Lemma size_benign_nbrs (i : 'I_m) :
  (m - c - 1 <= size [seq l <- benign m c | l != i])%N.
Proof.
have count_split : (count (pred1 i) (benign m c) +
    count (fun l => l != i) (benign m c) = m - c)%N.
  by rewrite -size_benign; exact: count_predC.
have : (count (pred1 i) (benign m c) <= 1)%N.
  by rewrite count_uniq_mem ?leq_b1 // filter_uniq ?enum_uniq.
by rewrite size_filter; lia.
Qed.

Lemma benign_nbrs_subseq (i : 'I_m) :
  subseq [seq l <- benign m c | l != i] [seq j <- enum 'I_m | j != i].
Proof.
rewrite subseq_filter (subseq_trans (filter_subseq _ _)) ?filter_subseq ?andbT //.
by apply/allP => j; rewrite mem_filter => /andP[].
Qed.

Lemma count_crafted_nbrs (i0 : 'I_m) : nat_of_ord i0 = 0%N ->
  (count (fun j : 'I_m => j < c)%N [seq j <- enum 'I_m | j != i0] <= c - 1)%N.
Proof.
move=> i0_0; rewrite -size_filter -(size_map val) -(size_iota 1 (c - 1)).
apply: uniq_leq_size.
  by rewrite (map_inj_uniq val_inj); do 2!apply: filter_uniq; exact: enum_uniq.
move=> n /mapP[j]; rewrite !mem_filter mem_iota => /and3P[j_lt j_neq _] ->.
have j_gt0 : (0 < j)%N.
  by rewrite lt0n; apply: contraNneq j_neq => j_0; apply/eqP/val_inj; rewrite /= j_0 i0_0.
rewrite /=; lia.
Qed.

End Indices.

Lemma le_sqrt_div (R : rcfType) (K X t : R) : 0 < K -> K * t ^+ 2 <= X ->
  t <= Num.sqrt (X / K).
Proof.
move=> K_gt0 KtX; have [t_le0|t_gt0] := lerP t 0.
  exact: le_trans t_le0 (sqrtr_ge0 _).
by rewrite -[leLHS]gtr0_norm // -sqrtr_sqr ler_wsqrtr // ler_pdivlMr // mulrC.
Qed.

━━━━━━━━━━━━━━━━━━━━━━━━━━━━━━

Reproduce each entry above. Every word must match.

Lemma size_benign_nbrs (i : 'I_m) :
  (m - c - 1 <= size [seq l <- benign m c | l != i])%N.
Proof.
have count_split : (count (pred1 i) (benign m c) +
    count (fun l => l != i) (benign m c) = m - c)%N.
  by rewrite -size_benign; exact: count_predC.
have : (count (pred1 i) (benign m c) <= 1)%N.
  by rewrite count_uniq_mem ?leq_b1 // filter_uniq ?enum_uniq.
by rewrite size_filter; lia.
Qed.

Lemma benign_nbrs_subseq (i : 'I_m) :
  subseq [seq l <- benign m c | l != i] [seq j <- enum 'I_m | j != i].
Proof.
rewrite subseq_filter (subseq_trans (filter_subseq _ _)) ?filter_subseq ?andbT //.
by apply/allP => j; rewrite mem_filter => /andP[].
Qed.

Lemma count_crafted_nbrs (i0 : 'I_m) : nat_of_ord i0 = 0%N ->
  (count (fun j : 'I_m => j < c)%N [seq j <- enum 'I_m | j != i0] <= c - 1)%N.
Proof.
move=> i0_0; rewrite -size_filter -(size_map val) -(size_iota 1 (c - 1)).
apply: uniq_leq_size.
  by rewrite (map_inj_uniq val_inj); do 2!apply: filter_uniq; exact: enum_uniq.
move=> n /mapP[j]; rewrite !mem_filter mem_iota => /and3P[j_lt j_neq _] ->.
have j_gt0 : (0 < j)%N.
  by rewrite lt0n; apply: contraNneq j_neq => j_0; apply/eqP/val_inj; rewrite /= j_0 i0_0.
rewrite /=; lia.
Qed.

End Indices.

Lemma le_sqrt_div (R : rcfType) (K X t : R) : 0 < K -> K * t ^+ 2 <= X ->
  t <= Num.sqrt (X / K).
Proof.
move=> K_gt0 KtX; have [t_le0|t_gt0] := lerP t 0.
  exact: le_trans t_le0 (sqrtr_ge0 _).
by rewrite -[leLHS]gtr0_norm // -sqrtr_sqr ler_wsqrtr // ler_pdivlMr // mulrC.
Qed.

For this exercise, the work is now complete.